AGAINST ALL ODDS – Penn Badgley sheds some light into one of the most subversive shows on TV right now: the creepily awesome “You”
Some actors start their careers at a young age. Penn Badgley “was a professional at 12.” his first TV appearance was in an episode of “Will & Grace,” back in 1999. The next year he would step into the big screen and became a household name as the lead in “John Tucker Must Die” six years later. Of course, his TV adventures would continue, most notably in the uber-popular teen drama “Gossip Girl.” Right now, however, he’s making waves in “You,” a psychological thriller that deals with such modern-day horrors as online stalking through social media. Picking the brains of somebody playing the lead role in a show like this definitely promised to be quite a ride—and Badgley certainly didn’t dissapoint.
DAMAN: Around now, the last episodes of the first season of “You” have just started airing. Since some of our readers might be unfamiliar with the title, can you give us a brief rundown of “You” and your role in it?
Penn Badgley: it’s a subversive show—somehow in a particular way that i feel i haven’t seen before. it very much plays into being exactly what you think it might be: a frothy, binge-worthy thriller where boy meets girl, boy stalks girl, starring “Gossip Girl,” no less … and it lures you in. Then it sort of skewers you along with the concept and the social norms that support such a familiar narrative. it does so in this way that is intelligent and self-aware but not condescending to the viewer because it is also, oddly, fun. it’s nimble. The writers have done a fantastic job, and everyone else really did their part along the way because the whole thing could otherwise fall very flat.
DA MAN: In your opinion, what would be the number one reason to get into the show for anyone who missed the initial broadcast?
Penn Badgley: I really can’t say.

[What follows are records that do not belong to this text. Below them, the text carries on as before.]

Lemma timelike_plane_gram_neq0 n u v : timelike_plane n u v -> gram n u v <> 0.
Proof.
  intros (a1 & b1 & a2 & b2 & H11 & H22 & H12). rewrite !mink_lin2_lin2 in *.
  unfold gram. intro Hg.
  (* Gram determinant of the orthonormal pair = (change of basis det)^2 * gram. *)
  assert (Hdet : (a1 * b2 - a2 * b1) ^ 2 * (mink n u u * mink n v v - mink n u v * mink n u v) =
     (a1 * a1 * mink n u u + (a1 * b1 + b1 * a1) * mink n u v + b1 * b1 * mink n v v) *
     (a2 * a2 * mink n u u + (a2 * b2 + b2 * a2) * mink n u v + b2 * b2 * mink n v v) -
     (a1 * a2 * mink n u u + (a1 * b2 + b1 * a2) * mink n u v + b1 * b2 * mink n v v) ^ 2)
    by ring.
  rewrite H11, H22, H12, Hg in Hdet. lra.
Qed.

Lemma mink_riesz_l n u v c1 c2 : gram n u v <> 0 -> mink n (riesz n u v c1 c2) u = c1.
Proof.
  unfold gram. intros Hg. unfold riesz, riesz_a, riesz_b. rewrite mink_lin2, (mink_sym n v u).
  field. exact Hg.
Qed.

Lemma mink_riesz_r n u v c1 c2 : gram n u v <> 0 -> mink n (riesz n u v c1 c2) v = c2.
Proof.
  unfold gram. intros Hg. unfold riesz, riesz_a, riesz_b. rewrite mink_lin2.
  field. exact Hg.
Qed.

Lemma riesz_00 n u v i : riesz n u v 0 0 i = 0.
Proof. unfold riesz, lin2, riesz_a, riesz_b. unfold Rdiv. ring. Qed.

Lemma mink_lin2_nproj n a b u v V :
  gram n u v <> 0 -> mink n (lin2 a b u v) (nproj n u v V) = 0.
Proof.
  intros Hg. rewrite mink_lin2, !(mink_sym n _ (nproj n u v V)). unfold nproj.
  rewrite !mink_sub. unfold tproj. rewrite mink_riesz_l, mink_riesz_r, !(mink_sym n V) by exact Hg.
  ring.
Qed.

Lemma mink_nproj_l n u v V W :
  gram n u v <> 0 -> mink n (nproj n u v W) (nproj n u v V) = mink n W (nproj n u v V).
Proof. intros Hg. unfold nproj at 1. rewrite mink_sub. unfold tproj, riesz. rewrite mink_lin2_nproj by exact Hg. ring. Qed.

Lemma derivable_pt_lim_ssum n (u v : R -> vec) du dv x :
  (forall i, (i <= n)%nat -> derivable_pt_lim (fun y => u y i) x (du i)) ->
  (forall i, (i <= n)%nat -> derivable_pt_lim (fun y => v y i) x (dv i)) ->
  forall k, (k <= n)%nat ->
  derivable_pt_lim (fun y => ssum k (u y) (v y)) x (ssum k du (v x) + ssum k (u x) dv).
Proof.
  intros Hu Hv k. induction k as [| k IHk]; intros Hk; simpl.
  - replace (0 + 0) with 0 by ring. apply derivable_pt_lim_const.
  - replace (ssum k du (v x) + du (S k) * v x (S k) + (ssum k (u x) dv + u x (S k) * dv (S k)))
      with ((ssum k du (v x) + ssum k (u x) dv) + (du (S k) * v x (S k) + u x (S k) * dv (S k)))
      by ring.
    apply (derivable_pt_lim_plus (fun y => ssum k (u y) (v y)) (fun y => u y (S k) * v y (S k))).
    + apply IHk. lia.
    + apply (derivable_pt_lim_mult (fun y => u y (S k)) (fun y => v y (S k)));
        [apply Hu | apply Hv]; lia.
Qed.

Lemma derivable_pt_lim_mink n (u v : R -> vec) du dv x :
  (forall i, (i <= n)%nat -> derivable_pt_lim (fun y => u y i) x (du i)) ->
  (forall i, (i <= n)%nat -> derivable_pt_lim (fun y => v y i) x (dv i)) ->
  derivable_pt_lim (fun y => mink n (u y) (v y)) x (mink n du (v x) + mink n (u x) dv).
Proof.
  intros Hu Hv. unfold mink.
  replace (- (du 0%nat * v x 0%nat) + ssum n du (v x) + (- (u x 0%nat * dv 0%nat) + ssum n (u x) dv))
    with (- (du 0%nat * v x 0%nat + u x 0%nat * dv 0%nat) + (ssum n du (v x) + ssum n (u x) dv))
    by ring.
  apply (derivable_pt_lim_plus (fun y => - (u y 0%nat * v y 0%nat)) (fun y => ssum n (u y) (v y))).
  - apply (derivable_pt_lim_opp (fun y => u y 0%nat * v y 0%nat)).
    apply (derivable_pt_lim_mult (fun y => u y 0%nat) (fun y => v y 0%nat)); [apply Hu | apply Hv]; lia.
  - apply (derivable_pt_lim_ssum n); auto.
Qed.

Lemma ex_derive_Rplus (f g : R -> R) x :
  ex_derive f x -> ex_derive g x -> ex_derive (fun y => f y + g y) x.
Proof. exact (ex_derive_plus f g x). Qed.

Lemma ex_derive_Rminus (f g : R -> R) x :
  ex_derive f x -> ex_derive g x -> ex_derive (fun y => f y - g y) x.
Proof. exact (ex_derive_minus f g x). Qed.

Lemma ex_derive_Ropp (f : R -> R) x : ex_derive f x -> ex_derive (fun y => - f y) x.
Proof. exact (ex_derive_opp f x). Qed.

Me? if they’re reading this interview chances are it might be me, whether that’s reasonable or not. I personally cringe when i watch it. But, that’s just me.
DA MAN: Your character in “You” is basically a stalker. What’s your secret to portray somebody like that in a convincing way?
Penn Badgley: Never thinking of him as a stalker when i’m in it. he’s a human striving for things, desiring things. i personally detest him as a human, but he’s human. i always tried to keep his humanity in mind, so I couldn’t reduce him and fall into typical habits or beliefs about how he might do something.
DA MAN: “You” tackles a problem that really gets under your skin. Are there any particular parts of the story that made you feel especially uncomfortable?
Penn Badgley: Yeah. The whole thing, really. I was extremely uncomfortable with Joe. He masturbates in public, he judges people incessantly … and he murders people. He’s not just a stalker. This is no secret. This does not seem to bother other people enough, however. That’s what is so strange to me.
DA MAN: Is there a lesson to be learned from “You”?
Penn Badgley: Maybe we’re learning it together. It’s a bit of a social experiment, gauging reactions to this show. The lessons i learned over an entire season of shooting were deep, but they’re not the same lessons a viewer might walk away with.
DA MAN: How would you describe your own personal relationship with social media?
Penn Badgley: Divorced, but we have joint custody.
DA MAN: Personally, how do you deal with the less-than-savory aspects of social media? Even if you don’t have an actual stalker following you, nasty comments and pesky trolls are basically ubiquitous in today’s online scene, right?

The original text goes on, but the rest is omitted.